3
$\begingroup$

Consider a standard pack of $52$ playing cards. The cards are distributed into $4$ piles completely randomly by tossing a four-sided die for each card. How many possible arrangements are there for distributing the cards among the four piles?

My attempt goes as follows:

$$\frac{52!}{(52-13)!\cdot13!\cdot2!}\approx 3.18\times 10^{11}$$ My reasoning for calculating it this way is because we are choosing $13$ cards from a selection of $52$ cards but there are $2$ different colors so I divide by these repeats.

The correct answer is $2.03\times 10^{31}$ or in exact form, it is

$20282409603651670423947251286016$.

I am $20$ orders of magnitude away from the correct answer which shows that combinatorics is not my strong point.

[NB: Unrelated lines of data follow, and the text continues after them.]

(* Let $k\ge 100$ be an integer and let the roots of $f_k(X)=X^k-X^{k-1}-\cdots-X-1$ be $\alpha_1,\ldots,\alpha_{k-1},\alpha_k$, where $\alpha_k$ is the unique real root greater than $1$. Then for all distinct $i,j\in\{1,\ldots,k-1\}$, $$\frac{k^2}{13000\,e^3}<|\alpha_i-\alpha_j|^2\prod_{\substack{1\le \ell\le k-1\\ \ell\ne i,j}}|\alpha_i-\alpha_\ell|\,|\alpha_j-\alpha_\ell|.$$
   Context: $f_k(X)=X^k-X^{k-1}-\cdots-X-1$ has exactly one root outside the closed unit disk, denoted $\alpha_k$, which is real and larger than $1$; the other roots $\alpha_1,\ldots,\alpha_{k-1}$ have absolute value less than $1$, and all roots are distinct. *)

From mathcomp Require Import all_boot all_algebra.
From mathcomp Require Export complex.
From mathcomp Require Export all_classical all_reals all_analysis.
Import GRing.Theory Num.Theory.
Local Open Scope ring_scope.

Definition fk (R : realType) (k : nat) : {poly R[i]} :=
  'X^k - \sum_(i < k) 'X^i.

From mathcomp Require Import all_boot all_order all_algebra.
From mathcomp Require Import complex.
From mathcomp Require Import all_classical all_reals all_analysis.
From mathcomp Require Import ring lra.

(* Write f = f_k and b = alpha_k, the dominant root.  Every root z of f satisfies
   z^k (2 - z) = 1, and differentiating (X - 1) f = X^(k+1) - 2 X^k + 1 gives
   f'(z) z (2 - z) (z - 1) = (k + 1) z - 2k.  The first identity forces
   b in [1.99, 2], and since the moduli of all roots multiply to 1 while
   3 |z|^k >= 1 for each of them, every other root has |z| <= 3 / b < 1.51.
   For such z the second identity gives 100 |f'(z)| >= k |z - b|.  As
   f'(alpha_i) is the product of the alpha_i - alpha_l (l <> i), cancelling the
   factor alpha_i - b leaves k <= 100 |alpha_i - alpha_j| prod |alpha_i - alpha_l|
   over the other non-dominant l.  Multiplying this with the same bound for j
   gives k^2 <= 10^4 times the product in the claim, and 10^4 < 13000 e^3. *)

Import Order.TTheory GRing.Theory Num.Theory.
Import Normc.

Set Implicit Arguments.
Unset Strict Implicit.
Unset Printing Implicit Defensive.
Local Open Scope ring_scope.

Section RealInequalities.
Variable F : realFieldType.

Lemma mulr_le_prod_ge1 (I : finType) (G : I -> F) (a b : I) :
  a != b -> (forall i, 1 <= G i) -> G a * G b <= \prod_i G i.
Proof.
move=> neq_ab ge1G; rewrite (bigD1 a) // (bigD1 b) 1?eq_sym //= mulrA.
have G0 i : 0 <= G i by apply: le_trans (ge1G i).
rewrite ler_peMr ?mulr_ge0 //.
by apply: (big_ind (fun x => 1 <= x)) => // x y; apply: mulr_ege1.
Qed.

(* With r <= 1.51 one has 2k - (k + 1) r >= 0.47 k and
   r (2 + r) (r + 1) (r + 2) <= 47, whence the constant 100. *)
Lemma root_deriv_bound_arith (k r s t D w : F) :
  100 <= k -> 0 <= r -> r <= 151 / 100 -> 0 <= s -> s <= 2 + r -> 0 <= t -> t <= r + 1 ->
  0 <= D -> 2 * k - (k + 1) * r <= D * (r * s * t) -> w <= r + 2 ->
  k * w <= 100 * D.
Proof.
move=> k100 r0 r151 s0 s2 t0 t1 D0 Lle wle.
have mle : r * s * t <= r * (2 + r) * (r + 1).
  by apply: ler_pM => //; [exact: mulr_ge0 | exact: ler_wpM2l].
have c47 : r * (2 + r) * (r + 1) * (r + 2) <= 47.
  have r2r : r * (2 + r) <= 151/100 * (351/100) by nra.
  have r1r2 : (r + 1) * (r + 2) <= 251/100 * (351/100) by nra.
  rewrite -mulrA; apply: le_trans (ler_pM _ _ r2r r1r2) _; nra.
have Dm : 47 / 100 * k <= D * (r * (2 + r) * (r + 1)).
  by apply: le_trans (ler_wpM2l D0 mle); nra.
nra.
Qed.

Lemma sqr_div_lt_of_pair_bounds (k A X Y e : F) : 0 < k -> 1 <= e ->
  k <= 100 * (A * X) -> k <= 100 * (A * Y) ->
  k ^+ 2 / (13000 * e ^+ 3) < A ^+ 2 * (X * Y).
Proof.
move=> k0 e1 kX kY.
have kXY : k ^+ 2 <= (100 * (A * X)) * (100 * (A * Y)).
  by rewrite expr2; exact: ler_pM (ltW k0) (ltW k0) kX kY.
have e3 : 1 <= e ^+ 3 by exact: exprn_ege1.
rewrite ltr_pdivrMr; nra.
Qed.

End RealInequalities.

Lemma deriv_prod_XsubC_at (R : comNzRingType) (I : finType) (G : I -> R) (i : I) :
  (\prod_l ('X - (G l)%:P))^`().[G i] = \prod_(l | l != i) (G i - G l).
Proof.
rewrite (bigD1 i) //= derivM derivXsubC mul1r hornerD hornerM hornerXsubC.
by rewrite subrr mul0r addr0 horner_prod; apply: eq_bigr => l _; rewrite hornerXsubC.
Qed.

Lemma size_sum_Xn (R : nzRingType) (k : nat) :
  (size (\sum_(i < k) 'X^i : {poly R})%R <= k)%N.
Proof.
have -> : (\sum_(i < k) 'X^i : {poly R}) = \poly_(i < k) 1.
  by rewrite poly_def; apply: eq_bigr => i _; rewrite scale1r.
exact: size_poly.
Qed.

Section Modulus.
Variable R : rcfType.
Implicit Types (x y z : R[i]) (b : R).

Lemma normcE z : `|z| = real_complex R (normc z).
Proof. by []. Qed.

Lemma normc_ge0 z : 0 <= normc z.
Proof. by rewrite -lecR rmorph0 -normcE. Qed.

Lemma normc_eq0 z : (normc z == 0) = (z == 0).
Proof.
by rewrite -[RHS]normr_eq0 normcE -(rmorph0 (real_complex R)) (inj_eq (@complexI R)).
Qed.

Lemma normc_real b : 0 <= b -> normc (real_complex R b) = b.
Proof. by move=> b0; apply: (@complexI R); rewrite -normcE ger0_norm ?lecR. Qed.

Lemma lerB_normc x y : normc x - normc y <= normc (x - y).
Proof. by have := lerB_dist x y; rewrite !normcE -rmorphB lecR. Qed.

Lemma normc_prod (I : Type) (s : seq I) (P : pred I) (G : I -> R[i]) :
  normc (\prod_(i <- s | P i) G i) = \prod_(i <- s | P i) normc (G i).
Proof. exact: (big_morph _ (@normcM R) (@normc1 R)). Qed.

Lemma normcX z n : normc (z ^+ n) = normc z ^+ n.
Proof. by apply: (@complexI R); rewrite rmorphXn -!normcE normrX. Qed.

Lemma normc_nat n : normc (n%:R : R[i]) = n%:R.
Proof. by rewrite -(rmorph_nat (real_complex R)) normc_real. Qed.

Lemma normcD x y : normc (x + y) <= normc x + normc y.
Proof. by have := ler_normD x y; rewrite !normcE -rmorphD lecR. Qed.

Lemma gt1_complex_real z : 1 < z -> exists2 b, z = real_complex R b & 1 < b.
Proof. by case: z => a c; rewrite ltcE /= => /andP[/eqP -> a1]; exists a. Qed.

End Modulus.

Section RootsOfFk.
Variables (R : realType) (k : nat).
Implicit Types (z : R[i]) (b : R).

Let size_fk_tail :
  (size (- \sum_(i < k) 'X^i : {poly R[i]})%R < size ('X^k : {poly R[i]}))%N.
Proof. by rewrite size_polyN size_polyXn ltnS size_sum_Xn. Qed.

Lemma size_fk : size (fk R k) = k.+1.
Proof. by rewrite size_polyDl // size_polyXn. Qed.

Lemma lead_coef_fk : lead_coef (fk R k) = 1.
Proof. by rewrite lead_coefDl // lead_coefXn. Qed.

Lemma root_fk z : root (fk R k) z = (z ^+ k == \sum_(i < k) z ^+ i).
Proof.
rewrite /root /fk hornerD hornerN hornerXn horner_sum subr_eq0.
by under eq_bigr do rewrite hornerXn.
Qed.

Lemma root_fk_geom {z} : root (fk R k) z -> (2 - z) * \sum_(i < k) z ^+ i = 1.
Proof.
rewrite root_fk => /eqP zk.
have := subrX1 z k; rewrite zk => geom.
have -> : (2 - z) * \sum_(i < k) z ^+ i =
    1 + (\sum_(i < k) z ^+ i - 1 - (z - 1) * \sum_(i < k) z ^+ i) by ring.
by rewrite geom subrr addr0.
Qed.

Lemma root_fk_expr {z} : root (fk R k) z -> z ^+ k * (2 - z) = 1.
Proof.
move=> zr; have := root_fk_geom zr.
by move: zr; rewrite root_fk mulrC => /eqP <-.
Qed.

Lemma horner0_fk : (0 < k)%N -> (fk R k).[0] = -1.
Proof.
move=> k0; rewrite horner_coef0 coefB coefXn coef_sum ltn_eqF // sub0r; congr (- _).
by rewrite -(prednK k0) big_ord_recl coefXn big1 ?addr0 // => i _; rewrite coefXn.
Qed.

Lemma root_fk_deriv {z} : (0 < k)%N -> root (fk R k) z ->
  (fk R k)^`().[z] * (z * (2 - z) * (z - 1)) = (k.+1)%:R * z - (k.*2)%:R.
Proof.
move=> k0 zr; have zk := root_fk_expr zr.
have E : ('X - 1) * fk R k = 'X^(k.+1) - 'X^k *+ 2 + 1.
  by rewrite /fk mulrBr -(subrX1 'X k) exprSr; ring.
move: (rootP zr) E; move: (fk R k) => F Fz E.
have dF := congr1 (fun p => p^`().[z]) E.
rewrite /= !poly.derivE !hornerE Fz !(hornerMn, hornerXn) add0r in dF.
have zkS : z ^+ k = z ^+ k.-1 * z by rewrite -exprSr prednK.
rewrite zkS in zk dF.
transitivity ((z - 1) * F^`().[z] * (z * (2 - z))); first by ring.
rewrite dF -mul2n natrM.
transitivity ((k.+1)%:R * z * (z ^+ k.-1 * z * (2 - z))
              - 2 * k%:R * (z ^+ k.-1 * z * (2 - z))); first by ring.
by rewrite zk; ring.
Qed.

Lemma real_root_fk_bounds b : (100 <= k)%N -> 1 < b ->
  root (fk R k) (real_complex R b) -> 199 / 100 <= b <= 2.
Proof.
move=> k100 b1 br.
have geom : (2 - b) * \sum_(i < k) b ^+ i = 1.
  apply: (@complexI R); rewrite rmorph1 -[RHS](root_fk_geom br).
  rewrite rmorphM rmorphB rmorph_sum (rmorph_nat _ 2); congr (_ * _).
  by apply: eq_bigr => i _; rewrite rmorphXn.
have sum_ge : k%:R <= \sum_(i < k) b ^+ i.
  rewrite -[X in X%:R]card_ord -sumr_const; apply: ler_sum => i _.
  exact: exprn_ege1 (ltW b1).
have k100R : 100 <= k%:R :> R by rewrite (ler_nat R 100 k).
apply/andP; split; nra.
Qed.

Lemma root_fk_normcX_ge {z} : root (fk R k) z -> 1 <= 3 * normc z ^+ k.
Proof.
move=> zr; have e : normc z ^+ k * normc (2 - z) = 1.
  by rewrite -normcX -normcM root_fk_expr // normc1.
have le2z : normc (2 - z) <= 2 + normc z.
  by apply: le_trans (normcD _ _) _; rewrite normcN normc_nat.
have := normc_ge0 z; have := normc_ge0 (2 - z); have := exprn_ge0 k (normc_ge0 z).
case: (lerP 1 (normc z)) => [z1|z1]; last by nra.
by have := exprn_ege1 k z1; lra.
Qed.

Lemma root_fk_deriv_lower_bound {z} b : (100 <= k)%N -> root (fk R k) z ->
  normc z <= 151 / 100 -> 0 <= b <= 2 ->
  k%:R * normc (z - real_complex R b) <= 100 * normc ((fk R k)^`().[z]).
Proof.
move=> k100 zr z151 /andP[b0 b2]; have k0 : (0 < k)%N by apply: leq_trans k100.
have := congr1 (@normc _) (root_fk_deriv k0 zr).
rewrite !normcM => deriv_eq.
apply: (root_deriv_bound_arith (r := normc z) (s := normc (2 - z)) (t := normc (z - 1))).
- by rewrite (ler_nat R 100 k).
- exact: normc_ge0.
- exact: z151.
- exact: normc_ge0.
- by apply: le_trans (normcD _ _) _; rewrite normcN normc_nat.
- exact: normc_ge0.
- by apply: le_trans (normcD _ _) _; rewrite normcN normc1.
- exact: normc_ge0.
- rewrite deriv_eq -[normc (_ - _)]normcN opprB; apply: le_trans (lerB_normc _ _).
  by rewrite normcM !normc_nat -mul2n natrM natr1.
- apply: le_trans (normcD _ _) _; rewrite normcN normc_real //; lra.
Qed.

Section Roots.
Variable alpha : 'I_k -> R[i].
Hypothesis alpha_inj : injective alpha.
Hypothesis alpha_root : forall l, root (fk R k) (alpha l).

Lemma fk_prod_roots : fk R k = \prod_l ('X - (alpha l)%:P).
Proof.
have := @all_roots_prod_XsubC _ (fk R k) [seq alpha l | l <- index_enum 'I_k].
rewrite size_map size_fk lead_coef_fk scale1r big_map => -> //.
- by rewrite -{1}(card_ord k) cardT enumT.
- by apply/allP => _ /mapP [l _ ->].
- by rewrite uniq_rootsE (map_inj_uniq alpha_inj) index_enum_uniq.
Qed.

Lemma prod_normc_roots : (0 < k)%N -> \prod_l normc (alpha l) = 1.
Proof.
move=> k0; have := horner0_fk k0.
rewrite fk_prod_roots horner_prod => /(congr1 (@normc _)).
rewrite normcN normc1 normc_prod => prod1; rewrite -[RHS]prod1.
by apply: eq_bigr => l _; rewrite hornerXsubC sub0r normcN.
Qed.

(* The factors 3 |alpha_m|^k are all >= 1 and multiply to 3^k, so the two
   factors for l and d alone give 9 (|alpha_l| b)^k <= 3^k. *)
Lemma normc_root_fk_le (d l : 'I_k) b : (100 <= k)%N ->
  alpha d = real_complex R b -> 199 / 100 <= b -> l != d ->
  normc (alpha l) <= 151 / 100.
Proof.
move=> k100 ad b199 neq_ld; have k0 : (0 < k)%N by apply: leq_trans k100.
have b0 : 0 <= b by apply: le_trans b199.
have := @mulr_le_prod_ge1 R _ (fun m => 3 * normc (alpha m) ^+ k) l d neq_ld
  (fun m => root_fk_normcX_ge (alpha_root m)).
rewrite big_split /= prodr_const card_ord prodrXl prod_normc_roots // expr1n mulr1.
rewrite ad normc_real //; set r := normc (alpha l) => prod_le.
have r0 : 0 <= r := normc_ge0 _.
have rbk : (r * b) ^+ k <= 3 ^+ k.
  by rewrite exprMn; have := exprn_ge0 k r0; have := exprn_ge0 k b0; nra.
have : r * b <= 3.
  by move: rbk; rewrite ler_pXn2r // ?nnegrE //; exact: mulr_ge0.
nra.
Qed.

Lemma root_fk_pair_bound (d i j : 'I_k) b : (100 <= k)%N ->
  alpha d = real_complex R b -> 199 / 100 <= b <= 2 -> i != d -> j != d -> i != j ->
  k%:R <= 100 * (normc (alpha i - alpha j) *
    \prod_(l | [&& l != d, l != i & l != j]) normc (alpha i - alpha l)).
Proof.
move=> k100 ad /andP[b199 b2] neq_id neq_jd neq_ij.
have b02 : 0 <= b <= 2 by apply/andP; split=> //; lra.
have := root_fk_deriv_lower_bound k100 (alpha_root i)
  (normc_root_fk_le k100 ad b199 neq_id) b02.
rewrite fk_prod_roots deriv_prod_XsubC_at (bigD1 j) 1?eq_sym //= (bigD1 d) /=; last first.
  by rewrite !(eq_sym d) neq_id neq_jd.
rewrite -ad !normcM normc_prod (eq_bigl (fun l => [&& l != d, l != i & l != j])).
  have w0 : 0 < normc (alpha i - alpha d).
    by rewrite lt0r normc_ge0 normc_eq0 subr_eq0 (inj_eq alpha_inj) neq_id.
  set w := normc (alpha i - alpha d); set A := normc (alpha i - alpha j).
  set X := \prod_(l | _) _.
  have -> : 100 * (A * (w * X)) = w * (100 * (A * X)) by ring.
  by rewrite mulrC ler_pM2l.
by move=> l /=; rewrite andbC.
Qed.

End Roots.

End RootsOfFk.

Theorem mainTheorem5 (R : realType) (k : nat) (alpha : 'I_k -> R[i]) :
  (100 <= k)%N ->
  injective alpha ->
  (forall l : 'I_k, root (fk R k) (alpha l)) ->
  (forall l : 'I_k, val l = k.-1 -> 1 < alpha l) ->
  forall i j : 'I_k, (val i < k.-1)%N -> (val j < k.-1)%N -> i != j ->
    (k ^ 2)%:R / (13000%:R * (real_complex R (expR 1)) ^+ 3)
    < `|alpha i - alpha j| ^+ 2 *
      \prod_(l : 'I_k | [&& (val l < k.-1)%N, l != i & l != j])
         (`|alpha i - alpha l| * `|alpha j - alpha l|).
Proof.
move=> k100 alpha_inj alpha_root alpha_dom i j ik jk neq_ij.
have k0 : (0 < k)%N by apply: leq_trans k100.
have dk : (k.-1 < k)%N by rewrite ltn_predL.
pose d := Ordinal dk.
have [b ad b1] := gt1_complex_real (alpha_dom d erefl).
have b_bds : 199 / 100 <= b <= 2.
  by apply: real_root_fk_bounds k100 b1 _; rewrite -ad.
have nd l : (val l < k.-1)%N = (l != d).
  by rewrite -val_eqE /= ltn_neqAle -ltnS prednK // ltn_ord andbT.
have [neq_id neq_jd] : i != d /\ j != d by rewrite -!nd.
have bi := root_fk_pair_bound alpha_inj alpha_root k100 ad b_bds neq_id neq_jd neq_ij.
have neq_ji : j != i by rewrite eq_sym.
have := root_fk_pair_bound alpha_inj alpha_root k100 ad b_bds neq_jd neq_id neq_ji.
rewrite -normcN opprB (eq_bigl (fun l => [&& l != d, l != i & l != j])) => [bj|l]; last first.
  by rewrite /= (andbC (l != j)).
under eq_bigl => l do rewrite nd.
rewrite -rmorphXn -(rmorph_nat (real_complex R) 13000) -rmorphM -fmorphV.
rewrite -(rmorph_nat (real_complex R) (k ^ 2)) -rmorphM.
rewrite normcE -rmorphXn; under eq_bigr => l _ do rewrite !normcE -rmorphM.
rewrite -rmorph_prod -rmorphM ltcR big_split natrX.
apply: sqr_div_lt_of_pair_bounds bi bj; first by rewrite ltr0n.
by rewrite ltW // expR_gt1.
Qed.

Could anyone please give me any hints or tips on how to reach the correct answer?

Edit:

Answers below indicate there is ambiguity in the word "arrangements" shown in the quote (the ordering of each pile may or may not matter). In which case I can only apologize for this ambiguity but I am simply quoting the professors question word for word.

  • 3
    Although @trueblueanil's answer was removed for reasons, he did bring up yet another interesting point that so far all answers given have assumed that the four piles are labeled (e.g. pile1,pile2,... or north,south,east,west) and even this is not a safe assumption. This reiterates the point that any question in enumerative combinatorics must be very precisely worded to remove any possible ambiguity, or disclaimers should be present with any answer as to what assumptions were made.2017-01-04
  • 1
    What JMoravtiz said :)2017-01-04

4 Answers 4

2

The answer is simply $4^{52} $!!

Take for suppose you have to divide the cards into four groups numbered $1$, $2$, $3$ and $4$ respectively. These same numbers are also on the die. Each card has four ways of going into any one of the groups so hence for $52$ cards, we have the required number of possibilities. Hope it helps.

  • 1
    This answer does not take into account arrangement within each pile2017-01-04
  • 1
    @JMoravitz I worried about this at first, too. However, the deck already comes with a prearranged order, so we don't have the freedom to arrange the cards within a pile.2017-01-04
3

For each of the 52 cards there are four possible choices for what pile it is in. So there's 4 choices for the first card, times 4 choices for the second card, times 4 for the third and so on.

3

Assuming arrangement within each pile matters (unlike how the other answerers assumed) imagine three additional cards which are used to indicate when to switch to the next pile.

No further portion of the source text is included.